Strengthening Your Cash Foundation

Having a strong cash foundation is critical for the success and sustainability of your business to make sure the day-to-day working capital to pay for inventory, utilities, salaries, and other operational expenses.

It’s also necessary to manage any unforeseen events that can disrupt your business.

Learn more below, and when you're ready, contact us to learn more about our business banking solutions!

Why you need cash reserves

Businesses often encounter unexpected expenses such as equipment breakdowns, sudden market changes, or urgent repairs. Having sufficient cash reserves allows you to handle these situations and live to fight another day.

Other reasons include:

  • Sudden economic downturns or unforeseen crises.
  • Being able to invest in growth opportunities, such as expanding into new markets or acquiring other businesses.
  • Fund research and development projects without worrying about cash flow.
  • Being able to stick to your pricing or avoid discounting, as you’re not relying on immediate sales.
  • Maintaining good relationships with suppliers and service providers by paying on time, potentially leading to better deals and services.
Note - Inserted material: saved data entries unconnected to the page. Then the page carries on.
(* Let $\mathsf{G}$ be a global type. If $\mathsf{G}$ is projectable, then its event structure $\mathcal{S}(\mathsf{G})$ is semantically projectable.
   Context: Participants are ranged over by $\mathsf{p},\mathsf{q},\mathsf{r},\mathsf{s}$ and message labels by $\lambda$. Global types are defined coinductively (and assumed regular, i.e. with finitely many distinct subtrees): $\mathsf{G} ::= \mathsf{p}\to\mathsf{q}:\{\lambda_i;\mathsf{G}_i\}_{i\in I} \mid \mathsf{End}$, with $I$ finite non-empty and the $\lambda_i$ pairwise distinct. Processes (coinductive): $P ::= \bigoplus_{i\in I}\mathsf{p}!\lambda_i;P_i \mid \sum_{i\in I}\mathsf{p}?\lambda_i;P_i \mid \mathbf{0}$. A communication is $\alpha=\mathsf{p}\mathsf{q}\lambda$ with $\mathrm{part}(\mathsf{p}\mathsf{q}\lambda)=\{\mathsf{p},\mathsf{q}\}$; a trace is a finite sequence of communications, $\mathrm{part}$ extended to traces by union. $\mathrm{Tr}(\mathsf{End})=\emptyset$, $\mathrm{Tr}(\mathsf{p}\to\mathsf{q}:\{\lambda_i;\mathsf{G}_i\}_{i\in I})=\{\mathsf{p}\mathsf{q}\lambda_i\cdot\sigma\mid i\in I,\ \sigma=\epsilon\text{ or }\sigma\in\mathrm{Tr}(\mathsf{G}_i)\}$, and $\mathrm{part}(\mathsf{G})=\bigcup_{\sigma\in\mathrm{Tr}(\mathsf{G})}\mathrm{part}(\sigma)$. Projection (coinductive, partial): $\mathsf{G}\upharpoonright\mathsf{r}=\mathbf{0}$ if $\mathsf{r}\notin\mathrm{part}(\mathsf{G})$; for $\mathsf{G}=\mathsf{p}\to\mathsf{q}:\{\lambda_i;\mathsf{G}_i\}_{i\in I}$: $\mathsf{G}\upharpoonright\mathsf{r}=\sum_{i\in I}\mathsf{p}?\lambda_i;(\mathsf{G}_i\upharpoonright\mathsf{r})$ if $\mathsf{r}=\mathsf{q}$; $=\bigoplus_{i\in I}\mathsf{q}!\lambda_i;(\mathsf{G}_i\upharpoonright\mathsf{r})$ if $\mathsf{r}=\mathsf{p}$; $=\mathsf{G}_1\upharpoonright\mathsf{r}$ if $\mathsf{r}\notin\{\mathsf{p},\mathsf{q}\}$, $\mathsf{r}\in\mathrm{part}(\mathsf{G}_1)$ and $\mathsf{G}_i\upharpoonright\mathsf{r}=\mathsf{G}_1\upharpoonright\mathsf{r}$ for all $i\in I$; undefined otherwise. $\mathsf{G}$ is projectable if $\mathsf{G}\upharpoonright\mathsf{p}$ is defined for all $\mathsf{p}$. Projection of a trace on $\mathsf{r}$: $\epsilon\upharpoonright\mathsf{r}=\epsilon$; $(\mathsf{p}\mathsf{q}\lambda\cdot\sigma)\upharpoonright\mathsf{r}$ equals $\mathsf{q}!\lambda\cdot(\sigma\upharpoonright\mathsf{r})$ if $\mathsf{r}=\mathsf{p}$, $\mathsf{p}?\lambda\cdot(\sigma\upharpoonright\mathsf{r})$ if $\mathsf{r}=\mathsf{q}$, and $\sigma\upharpoonright\mathsf{r}$ otherwise. Event structure of $\mathsf{G}$: permutation equivalence $\sim$ is the least equivalence on traces with $\sigma\cdot\alpha\cdot\alpha'\cdot\sigma'\sim\sigma\cdot\alpha'\cdot\alpha\cdot\sigma'$ whenever $\mathrm{part}(\alpha)\cap\mathrm{part}(\alpha')=\emptyset$; $[\sigma]$ is the class of $\sigma$. A non-empty trace $\sigma=\sigma[1]\cdots\sigma[n]$ is pointed if for every $1\le i<n$ there is $j$ with $i<j\le n$ and $\mathrm{part}(\sigma[i])\cap\mathrm{part}(\sigma[j])\ne\emptyset$. A g-event is $[\sigma]$ with $\sigma$ pointed; its communication $\mathrm{cm}([\sigma])$ is the last element of $\sigma$ (independent of the representative). Causal prefixing: $\alpha\circ[\sigma]=[\alpha\cdot\sigma]$ if $\mathrm{part}(\alpha)\cap\mathrm{part}(\sigma)\ne\emptyset$, $=[\sigma]$ otherwise; $\epsilon\circ\gamma=\gamma$, $(\alpha\cdot\sigma)\circ\gamma=\alpha\circ(\sigma\circ\gamma)$. $\mathrm{ev}(\sigma\cdot\alpha)=\sigma\circ[\alpha]$. Causality: $\gamma\le\gamma'$ if $\gamma=[\sigma]$ and $\gamma'=[\sigma\cdot\sigma']$ for some $\sigma,\sigma'$. Conflict: $\gamma\#\gamma'$ if $\gamma=[\sigma\cdot\mathsf{p}\mathsf{q}\lambda_1\cdot\sigma_1]$, $\gamma'=[\sigma\cdot\mathsf{p}\mathsf{q}\lambda_2\cdot\sigma_2]$ with $\lambda_1\ne\lambda_2$. $\mathcal{S}(\mathsf{G})=(\mathcal{E}(\mathsf{G}),\le_{\mathsf{G}},\#_{\mathsf{G}})$ with $\mathcal{E}(\mathsf{G})=\{\mathrm{ev}(\sigma)\mid\sigma\in\mathrm{Tr}(\mathsf{G})\}$ and the relations restricted to $\mathcal{E}(\mathsf{G})$. Two events $\gamma_1,\gamma_2\in\mathcal{E}(\mathsf{G})$ are in initial conflict if $\gamma_1=[\sigma\cdot\mathsf{p}\mathsf{q}\lambda_1]$ and $\gamma_2=[\sigma\cdot\mathsf{p}\mathsf{q}\lambda_2]$ for some $\sigma,\mathsf{p},\mathsf{q}$ and $\lambda_1\ne\lambda_2$. $\mathcal{S}(\mathsf{G})$ is semantically projectable if for all $\gamma_1,\gamma_2\in\mathcal{E}(\mathsf{G})$ in initial conflict the following holds: whenever there is $\gamma_1'=[\sigma_1\cdot\alpha_1]\in\mathcal{E}(\mathsf{G})$ with $\gamma_1\le_{\mathsf{G}}\gamma_1'$ and a participant $\mathsf{r}\in\mathrm{part}(\alpha_1)\setminus\mathrm{part}(\mathrm{cm}(\gamma_1))$, there is $\gamma_2'=[\sigma_2\cdot\alpha_2]\in\mathcal{E}(\mathsf{G})$ with $\gamma_2\le_{\mathsf{G}}\gamma_2'$, $\alpha_2=\alpha_1$ and $\sigma_2\upharpoonright\mathsf{r}=\sigma_1\upharpoonright\mathsf{r}$. *)

From Stdlib Require Import List Relations Arith.
Import ListNotations.

Definition participant := nat.
Definition label := nat.

(** Global types (coinductive trees). A branch list [(l_i, G_i)]_i represents
    {l_i; G_i}_{i in I}; "G_1" is the head of the list. *)
CoInductive gtype : Type :=
| GEnd : gtype
| GMsg : participant -> participant -> list (label * gtype) -> gtype.

(** Processes (coinductive trees). [PSend q bs] is (+)_i q!l_i;P_i,
    [PRecv p bs] is Sum_i p?l_i;P_i, [PEnd] is 0. *)
CoInductive process : Type :=
| PEnd : process
| PSend : participant -> list (label * process) -> process
| PRecv : participant -> list (label * process) -> process.

Inductive subtree : gtype -> gtype -> Prop :=
| st_refl G : subtree G G
| st_child p q bs l G' H :
    In (l, G') bs -> subtree G' H -> subtree (GMsg p q bs) H.

CoInductive gbisim : gtype -> gtype -> Prop :=
| gb_end : gbisim GEnd GEnd
| gb_msg p q bs bs' :
    Forall2 (fun b b' => fst b = fst b' /\ gbisim (snd b) (snd b')) bs bs' ->
    gbisim (GMsg p q bs) (GMsg p q bs').

(** Well-formedness from the grammar: every branching has a finite non-empty
    set of pairwise distinct labels. *)
Definition gwf (G : gtype) : Prop :=
  forall H p q bs, subtree G H -> H = GMsg p q bs ->
    bs <> [] /\ NoDup (map fst bs).

Definition gregular (G : gtype) : Prop :=
  exists l : list gtype, forall H, subtree G H -> exists H', In H' l /\ gbisim H H'.

Definition comm := (participant * participant * label)%type.

Definition cparts (a : comm) : list participant :=
  let '(p, q, _) := a in [p; q].

Definition tparts (s : list comm) : list participant := flat_map cparts s.

Inductive trace_of : gtype -> list comm -> Prop :=
| tr_one p q bs l G' :
    In (l, G') bs -> trace_of (GMsg p q bs) [(p, q, l)]
| tr_cons p q bs l G' s :
    In (l, G') bs -> trace_of G' s -> trace_of (GMsg p q bs) ((p, q, l) :: s).

Definition in_part (r : participant) (G : gtype) : Prop :=
  exists s, trace_of G s /\ In r (tparts s).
A healthy cash position will also help your business to offer competitive salaries and benefits, attracting and retaining top talent.
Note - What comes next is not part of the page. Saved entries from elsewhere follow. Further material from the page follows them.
(* Let $p$ be an odd prime. Then $$\sum_{t=0}^{(p-1)/2}(-1)^t\left[\binom{\frac{p-1}{2}+t}{t}-\binom{p+\frac{p-1}{2}+t}{p+t}\right]\binom{-\frac12}{t}^2\equiv0\pmod{p^2}.$$
   Context: For a rational number $x$ and integer $t\ge0$, $\binom{x}{t}=\frac{x(x-1)\cdots(x-t+1)}{t!}$; in particular $\binom{-1/2}{t}$ is a rational number whose denominator is a power of $2$. For rationals $a,b$ whose denominators are prime to $p$, $a\equiv b\pmod{p^k}$ means that $(a-b)/p^k$ is a rational number with denominator prime to $p$. *)

From HB Require Import structures.
From mathcomp Require Import all_boot all_order all_algebra.
Set Implicit Arguments. Unset Strict Implicit. Unset Printing Implicit Defensive.
Import Order.TTheory GRing.Theory Num.Theory.
Local Open Scope ring_scope.

Definition ratbin (x : rat) (t : nat) : rat :=
  (\prod_(i < t) (x - (i : nat)%:R)) / (t`!)%:R.

(* a = b (mod p^k) for rationals: (a - b)/p^k has denominator prime to p. *)
Definition rat_congr (p k : nat) (a b : rat) : Prop :=
  coprime `|denq ((a - b) / ((p ^ k)%N)%:R)|%N p.

From HB Require Import structures.
From mathcomp Require Import all_boot all_order all_algebra.
From mathcomp Require Import ring zify.
Set Implicit Arguments. Unset Strict Implicit. Unset Printing Implicit Defensive.
Import Order.TTheory GRing.Theory Num.Theory.
Local Open Scope ring_scope.

(* Let n = (p-1)/2 and H(y) = \sum_t (-1)^t C(n,t)^2 binom(y+t, n).  Since
   -1/2 = n - p/2, binom(-1/2, t) = C(n, t) mod p, and C(n+t+p, n) = C(n+t, n)
   mod p; the product of these two congruences shows that the sum equals
   H(n) - H(n+p) mod p^2.  The reflection y -> -1-y fixes H and sends n to
   n - p, so the second difference H(n+p) - 2H(n) + H(n-p) = H(n+p) - H(n),
   which is divisible by p^2 because H is a polynomial with p-integral
   coefficients. *)

Section PIntegral.
Variable p : nat.

Definition p_integral (x : rat) : Prop :=
  exists (a : int) (b : nat), [/\ (0 < b)%N, coprime b p & x = a%:~R / b%:R].

Lemma p_integral_int (z : int) : p_integral z%:~R.
Proof. by exists z, 1%N; rewrite coprime1n divr1. Qed.

Lemma p_integral_nat (m : nat) : p_integral m%:R.
Proof. by have := p_integral_int m; rewrite pmulrn. Qed.

Lemma p_integralD x y : p_integral x -> p_integral y -> p_integral (x + y).
Proof.
move=> [a [b [b0 cb ->]]] [c [d [d0 cd ->]]].
exists (a * d%:Z + c * b%:Z), (b * d)%N.
have hb : (b%:R : rat) != 0 by rewrite pnatr_eq0 -lt0n.
have hd : (d%:R : rat) != 0 by rewrite pnatr_eq0 -lt0n.
rewrite muln_gt0 b0 d0 coprimeMl cb cd natrM rmorphD !rmorphM /= !pmulrn.
by split=> //; field; rewrite hb hd.
Qed.

Lemma p_integralM x y : p_integral x -> p_integral y -> p_integral (x * y).
Proof.
move=> [a [b [b0 cb ->]]] [c [d [d0 cd ->]]].
exists (a * c), (b * d)%N.
have hb : (b%:R : rat) != 0 by rewrite pnatr_eq0 -lt0n.
have hd : (d%:R : rat) != 0 by rewrite pnatr_eq0 -lt0n.
rewrite muln_gt0 b0 d0 coprimeMl cb cd natrM rmorphM /=.
by split=> //; field; rewrite hb hd.
Qed.

Lemma p_integralN x : p_integral x -> p_integral (- x).
Proof. by rewrite -mulN1r; apply: p_integralM; apply: (p_integral_int (-1)). Qed.

Lemma p_integralB x y : p_integral x -> p_integral y -> p_integral (x - y).
Proof. by move=> hx /p_integralN; apply: p_integralD. Qed.

Lemma p_integralX x k : p_integral x -> p_integral (x ^+ k).
Proof.
move=> hx; elim: k => [|k IHk]; first exact: p_integral_nat 1.
by rewrite exprS; apply: p_integralM.
Qed.

Lemma p_integral_invn (m : nat) : (0 < m)%N -> coprime m p -> p_integral m%:R^-1.
Proof. by move=> m0 cm; exists 1, m; rewrite div1r. Qed.

Lemma coprime_denq_p_integral x : p_integral x -> coprime `|denq x| p.
Proof.
move=> [a [b [b0 cb ex]]]; apply: coprime_dvdl cb.
have hb : (b%:R : rat) != 0 by rewrite pnatr_eq0 -lt0n.
have e_int : numq x * b%:Z = a * denq x.
  apply/eqP; rewrite -(eqr_int rat) !rmorphM /= numqE ex pmulrn.
  by apply/eqP; field; rewrite hb.
have e_nat : (`|numq x| * b = `|a| * `|denq x|)%N.
  by rewrite -[b in LHS]absz_nat -!abszM e_int.
have : (`|denq x| %| `|numq x| * b)%N by rewrite e_nat dvdn_mull.
by rewrite Gauss_dvdr // coprime_sym coprime_num_den.
Qed.

End PIntegral.

Ltac p_integral_tac := repeat first [ assumption | apply: p_integralD
  | apply: p_integralB | apply: p_integralM | apply: p_integralN
  | apply: p_integralX | apply: p_integral_nat | apply: p_integral_int
  | exact: (p_integral_nat _ 1) ].

Section PMultiple.
Variable p : nat.

Definition p_multiple (k : nat) (x : rat) : Prop :=
  exists2 r, p_integral p r & x = p%:R ^+ k * r.

Lemma p_multiple_integral k x : p_multiple k x -> p_integral p x.
Proof. by move=> [r hr ->]; p_integral_tac. Qed.

Lemma p_multiple_p : p_multiple 1 p%:R.
Proof. by exists 1; rewrite ?mulr1 //; apply: (p_integral_nat _ 1). Qed.

Lemma p_multiple0 k : p_multiple k 0.
Proof. by exists 0; rewrite ?mulr0 //; apply: (p_integral_nat _ 0). Qed.

Lemma p_multipleD k x y : p_multiple k x -> p_multiple k y -> p_multiple k (x + y).
Proof. by move=> [r hr ->] [s hs ->]; exists (r + s); rewrite ?mulrDr //; p_integral_tac. Qed.

Lemma p_multipleB k x y : p_multiple k x -> p_multiple k y -> p_multiple k (x - y).
Proof. by move=> [r hr ->] [s hs ->]; exists (r - s); rewrite ?mulrBr //; p_integral_tac. Qed.

Lemma p_multipleMl k x y : p_integral p x -> p_multiple k y -> p_multiple k (x * y).
Proof. by move=> hx [r hr ->]; exists (x * r); [p_integral_tac | ring]. Qed.

Lemma p_multipleMr k x y : p_multiple k x -> p_integral p y -> p_multiple k (x * y).
Proof. by rewrite mulrC => hx hy; apply: p_multipleMl. Qed.

Lemma p_multipleM k l x y :
  p_multiple k x -> p_multiple l y -> p_multiple (k + l) (x * y).
Proof. by move=> [r hr ->] [s hs ->]; exists (r * s); [p_integral_tac | rewrite exprD; ring]. Qed.

Lemma p_multiple_sum k I (r : seq I) (P : pred I) (F : I -> rat) :
  (forall i, P i -> p_multiple k (F i)) -> p_multiple k (\sum_(i <- r | P i) F i).
Proof. by move=> hF; apply: big_ind => //; [apply: p_multiple0 | apply: p_multipleD]. Qed.

Lemma rat_congr_p_multiple k x : (0 < p)%N -> p_multiple k x -> rat_congr p k x 0.
Proof.
move=> p0 [r hr ->]; rewrite /rat_congr subr0 natrX [_ * r]mulrC mulfK.
  exact: coprime_denq_p_integral.
by rewrite expf_eq0 pnatr_eq0 gtn_eqF ?andbF.
Qed.

(* (a, b, c) behaves like (f(x - h), f(x), f(x + h)) for f a polynomial with
   p-integral coefficients and h in pZ_(p): the first difference lies in pZ_(p)
   and the second difference in p^2Z_(p). *)
Definition p_triple (a b c : rat) : Prop :=
  [/\ p_integral p b, p_multiple 1 (c - b) & p_multiple 2 (a + c - b *+ 2)].

Lemma p_triple_cst c : p_integral p c -> p_triple c c c.
Proof. by move=> hc; split; rewrite // subrr; apply: p_multiple0. Qed.

Lemma p_triple_shift x h : p_integral p x -> p_multiple 1 h -> p_triple (x - h) x (x + h).
Proof.
move=> hx hh; split=> //; first by rewrite addrC addKr.
by rewrite (_ : _ - _ = 0); [apply: p_multiple0 | ring].
Qed.

Lemma p_tripleD a b c a' b' c' :
  p_triple a b c -> p_triple a' b' c' -> p_triple (a + a') (b + b') (c + c').
Proof.
move=> [hb hu hv] [hb' hu' hv']; split; first by p_integral_tac.
  by rewrite (_ : _ - _ = (c - b) + (c' - b')); [apply: p_multipleD | ring].
rewrite (_ : _ - _ = (a + c - b *+ 2) + (a' + c' - b' *+ 2)); last by ring.
exact: p_multipleD.
Qed.

Lemma p_triple_left a b c : p_triple a b c -> p_multiple 1 (a - b).
Proof.
move=> [_ hu [r hr ev]]; rewrite (_ : a - b = (a + c - b *+ 2) - (c - b)); last by ring.
by apply: p_multipleB hu; rewrite ev; exists (p%:R * r); [p_integral_tac | ring].
Qed.

Lemma p_tripleM a b c a' b' c' :
  p_triple a b c -> p_triple a' b' c' -> p_triple (a * a') (b * b') (c * c').
Proof.
move=> /[dup] /p_triple_left hw [hb hu hv] /[dup] /p_triple_left hw' [hb' hu' hv'].
split; first by p_integral_tac.
  rewrite (_ : _ - _ = (c - b) * (b' + (c' - b')) + b * (c' - b')); last by ring.
  apply: p_multipleD; last exact: p_multipleMl.
  by apply: p_multipleMr => //; apply: p_integralD => //; apply: p_multiple_integral hu'.
rewrite (_ : _ - _ = (a - b) * (a' - b') + (c - b) * (c' - b')
  + b * (a' + c' - b' *+ 2) + b' * (a + c - b *+ 2)); last by ring.
apply: p_multipleD; last exact: p_multipleMl.
apply: p_multipleD; last exact: p_multipleMl.
by apply: p_multipleD; apply: (@p_multipleM 1 1).
Qed.

Lemma p_triple_eq_left b c : p_triple b b c -> p_multiple 2 (c - b).
Proof. by case=> _ _; rewrite (_ : b + c - b *+ 2 = c - b) //; ring. Qed.

Lemma p_triple_sum I (r : seq I) (P : pred I) (A B C : I -> rat) :
  (forall i, P i -> p_triple (A i) (B i) (C i)) ->
  p_triple (\sum_(i <- r | P i) A i) (\sum_(i <- r | P i) B i) (\sum_(i <- r | P i) C i).
Proof.
move=> h; apply: (big_ind3 p_triple) => //; last exact: p_tripleD.
exact/p_triple_cst/(p_integral_nat _ 0).
Qed.

Lemma p_triple_prod I (r : seq I) (P : pred I) (A B C : I -> rat) :
  (forall i, P i -> p_triple (A i) (B i) (C i)) ->
  p_triple (\prod_(i <- r | P i) A i) (\prod_(i <- r | P i) B i) (\prod_(i <- r | P i) C i).
Proof.
move=> h; apply: (big_ind3 p_triple) => //; last exact: p_tripleM.
exact/p_triple_cst/(p_integral_nat _ 1).
Qed.

End PMultiple.

Lemma ratbinS x k : ratbin x k.+1 = ratbin x k * (x - k%:R) / k.+1%:R.
Proof.
rewrite /ratbin big_ord_recr factS natrM /=.
have hk : (k`!%:R : rat) != 0 by rewrite pnatr_eq0 -lt0n fact_gt0.
by field; rewrite hk andbT addrC natr1 pnatr_eq0.
Qed.

Lemma ratbin_nat (N k : nat) : ratbin N%:R k = 'C(N, k)%:R.
Proof.
elim: k => [|k IHk]; first by rewrite /ratbin big_ord0 bin0 fact0 divr1.
rewrite ratbinS IHk.
have hk : (k.+1%:R : rat) != 0 by rewrite pnatr_eq0.
case: (leqP k N) => hkN; last by rewrite !bin_small ?mul0r // ltnW.
apply: (mulIf hk); rewrite mulfVK // -natrB // -!natrM.
by rewrite mulnC -mul_bin_left mulnC.
Qed.

Lemma ratbin_reflect z n : ratbin (-1 - z) n = (-1) ^+ n * ratbin (z + n%:R) n.
Proof.
rewrite /ratbin mulrA; congr (_ / _).
have -> : \prod_(i < n) (-1 - z - i%:R) = \prod_(i < n) (-1 * (z + 1 + i%:R)).
  by apply: eq_bigr => i _; ring.
rewrite big_split /= prodr_const card_ord; congr (_ * _).
rewrite (reindex_inj rev_ord_inj) /=; apply: eq_bigr => i _.
by rewrite natrB ?ltn_ord // -[i.+1]addn1 natrD; ring.
Qed.

Lemma p_triple_ratbin p k x h : coprime k`! p -> p_integral p x -> p_multiple p 1 h ->
  p_triple p (ratbin (x - h) k) (ratbin x k) (ratbin (x + h) k).
Proof.
move=> hk hx hh; apply: p_tripleM; last first.
  by apply/p_triple_cst/p_integral_invn => //; apply: fact_gt0.
have shift e : \prod_(i < k) (x + e - i%:R) = \prod_(i < k) (x - i%:R + e).
  by apply: eq_bigr => i _; ring.
rewrite /ratbin !shift.
by apply: p_triple_prod => i _; apply: p_triple_shift => //; p_integral_tac.
Qed.

Lemma bin_add_sym m k : 'C(m + k, k) = 'C(m + k, m).
Proof. by rewrite -bin_sub ?leq_addl // addnK. Qed.

Lemma coprime_fact_prime p t : prime p -> (t < p)%N -> coprime t`! p.
Proof.
move=> hp; elim: t => [|t IHt] ht; first by rewrite fact0 coprime1n.
rewrite factS coprimeMl IHt ?(ltnW ht) // andbT coprime_sym prime_coprime //.
by apply/negP => /(dvdn_leq (ltn0Sn t)); rewrite leqNgt ht.
Qed.

Definition sym_sum (n : nat) (y : rat) : rat :=
  \sum_(t < n.+1) (-1) ^+ t * 'C(n, t)%:R ^+ 2 * ratbin (y + t%:R) n.

Lemma sym_sum_reflect n y : sym_sum n (-1 - y) = sym_sum n y.
Proof.
rewrite /sym_sum (reindex_inj rev_ord_inj) /=; apply: eq_bigr => t _.
have ht : (t <= n)%N by rewrite -ltnS ltn_ord.
rewrite subSS bin_sub //.
rewrite (_ : -1 - y + (n - t)%:R = -1 - (y + t%:R - n%:R)); last by rewrite natrB //; ring.
rewrite ratbin_reflect (_ : y + t%:R - n%:R + n%:R = y + t%:R); last by ring.
have sgn m k : (k <= m)%N -> (-1) ^+ (m - k) * (-1) ^+ m = (-1) ^+ k :> rat.
  by move=> hkm; rewrite -{2}(subnK hkm) exprD signrMK.
by rewrite -(sgn n t ht); ring.
Qed.

Lemma p_triple_sym_sum p n y h : coprime n`! p -> p_integral p y -> p_multiple p 1 h ->
  p_triple p (sym_sum n (y - h)) (sym_sum n y) (sym_sum n (y + h)).
Proof.
move=> hn hy hh; apply: p_triple_sum => t _; apply: p_tripleM.
  by apply: p_triple_cst; p_integral_tac.
have shift e : y + e + t%:R = y + t%:R + e by ring.
rewrite !shift; apply: p_triple_ratbin => //; p_integral_tac.
Qed.

Section OddPrime.
Variables p n : nat.
Hypotheses (hp : prime p) (hpn : p = n.*2.+1).

Lemma natr_p : p%:R = 2 * n%:R + 1 :> rat.
Proof. by rewrite hpn -[n.*2.+1]addn1 natrD -[n.*2]muln2 natrM mulrC. Qed.

Lemma coprime_fact_half t : (t <= n)%N -> coprime t`! p.
Proof. by move=> ht; apply: coprime_fact_prime; rewrite // hpn; lia. Qed.

(* -1/2 = n - p/2, so binom(-1/2, t) = C(n, t) mod p. *)
Lemma ratbin_half_sqr_congr t : (t <= n)%N ->
  p_multiple p 1 (ratbin (-1 / 2) t ^+ 2 - 'C(n, t)%:R ^+ 2).
Proof.
move=> ht; have hh : p_multiple p 1 (-1 / 2 - n%:R).
  exists (- 2%:R^-1).
    by apply/p_integralN/p_integral_invn; rewrite // coprime2n hpn /= odd_double.
  by rewrite natr_p; field.
have tr := p_triple_ratbin (coprime_fact_half ht) (p_integral_nat _ n) hh.
have [_ hd _] := p_tripleM tr tr.
by rewrite -ratbin_nat !expr2; move: hd; rewrite (_ : n%:R + _ = -1 / 2) //; ring.
Qed.

Lemma sym_sum_shift_congr : p_multiple p 2 (sym_sum n n%:R - sym_sum n (n%:R + p%:R)).
Proof.
have tr := p_triple_sym_sum (coprime_fact_half (leqnn n)) (p_integral_nat _ n) (p_multiple_p p).
rewrite (_ : n%:R - p%:R = -1 - n%:R) ?sym_sum_reflect in tr; last first.
  by rewrite natr_p; ring.
by rewrite -opprB -mulN1r; apply: p_multipleMl; [p_integral_tac | apply: p_triple_eq_left].
Qed.

Lemma summand_congr t : (t <= n)%N ->
  p_multiple p 2
    ((-1) ^+ t * ('C(n + t, t)%:R - 'C(p + n + t, p + t)%:R) * ratbin (-1 / 2) t ^+ 2
     - ((-1) ^+ t * 'C(n, t)%:R ^+ 2 * ratbin (n%:R + t%:R) n
        - (-1) ^+ t * 'C(n, t)%:R ^+ 2 * ratbin (n%:R + p%:R + t%:R) n)).
Proof.
move=> ht; set B := ratbin (n%:R + t%:R) n; set C := ratbin (n%:R + p%:R + t%:R) n.
have hCB : p_multiple p 1 (C - B).
  have [_ hd _] := p_triple_ratbin (coprime_fact_half (leqnn n)) (p_integral_nat p (n + t))
    (p_multiple_p p).
  by move: hd; rewrite /B /C natrD addrAC.
rewrite (_ : p + n + t = n + (p + t))%N ?bin_add_sym -?(ratbin_nat _ n); last by lia.
rewrite (_ : _ - _ = - (-1) ^+ t * ((C - B) * (ratbin (-1 / 2) t ^+ 2 - 'C(n, t)%:R ^+ 2)));
  last by rewrite /B /C !natrD addrA; ring.
apply: p_multipleMl; first by p_integral_tac.
by apply: (@p_multipleM _ 1 1) => //; apply: ratbin_half_sqr_congr.
Qed.

End OddPrime.

Theorem lemma2p16 (p : nat) (hp : prime p) (hodd : odd p) :
  rat_congr p 2
    (\sum_(t < (p.-1)./2.+1)
        (-1) ^+ t *
        (('C((p.-1)./2 + t, t))%:R - ('C(p + (p.-1)./2 + t, p + t))%:R)
        * ratbin (-1 / 2) t ^+ 2)
    0.
Proof.
set n := (p.-1)./2.
have hpn : p = n.*2.+1 by rewrite /n; lia.
apply: rat_congr_p_multiple; first exact: prime_gt0.
rewrite -(subrK (sym_sum n n%:R - sym_sum n (n%:R + p%:R)) (\sum_(t < n.+1) _)).
apply: p_multipleD; last exact: sym_sum_shift_congr.
rewrite /sym_sum -!sumrB; apply: p_multiple_sum => t _.
by apply: summand_congr; rewrite // -ltnS.
Qed.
Building short-term cash reserves

If you don’t have cash savings, you may be able to free up funds within your business to tide you over. There could be machinery you no longer need, or vehicles which could be sold and turned into cash. These could then be leased back when you need them.

Other ways to raise extra working capital include:

  • Selling parts of the business that contribute the least to profit.
  • Liquidating excess inventory or raw materials.
  • Re-investing your own capital.
  • Refinancing against your existing assets.
  • Finding external investors.


Look closely at the business assets on your balance sheet to see what you don’t need and consider what you can convert into cash without impacting your core business.

Review how you operate

Now is the time to make permanent changes to strengthen your business, which are often things you’ve thought of doing but haven’t had the time, or didn’t need to do as sales were steady. This includes how your business can operate more cost effectively while maintaining or improving efficiency.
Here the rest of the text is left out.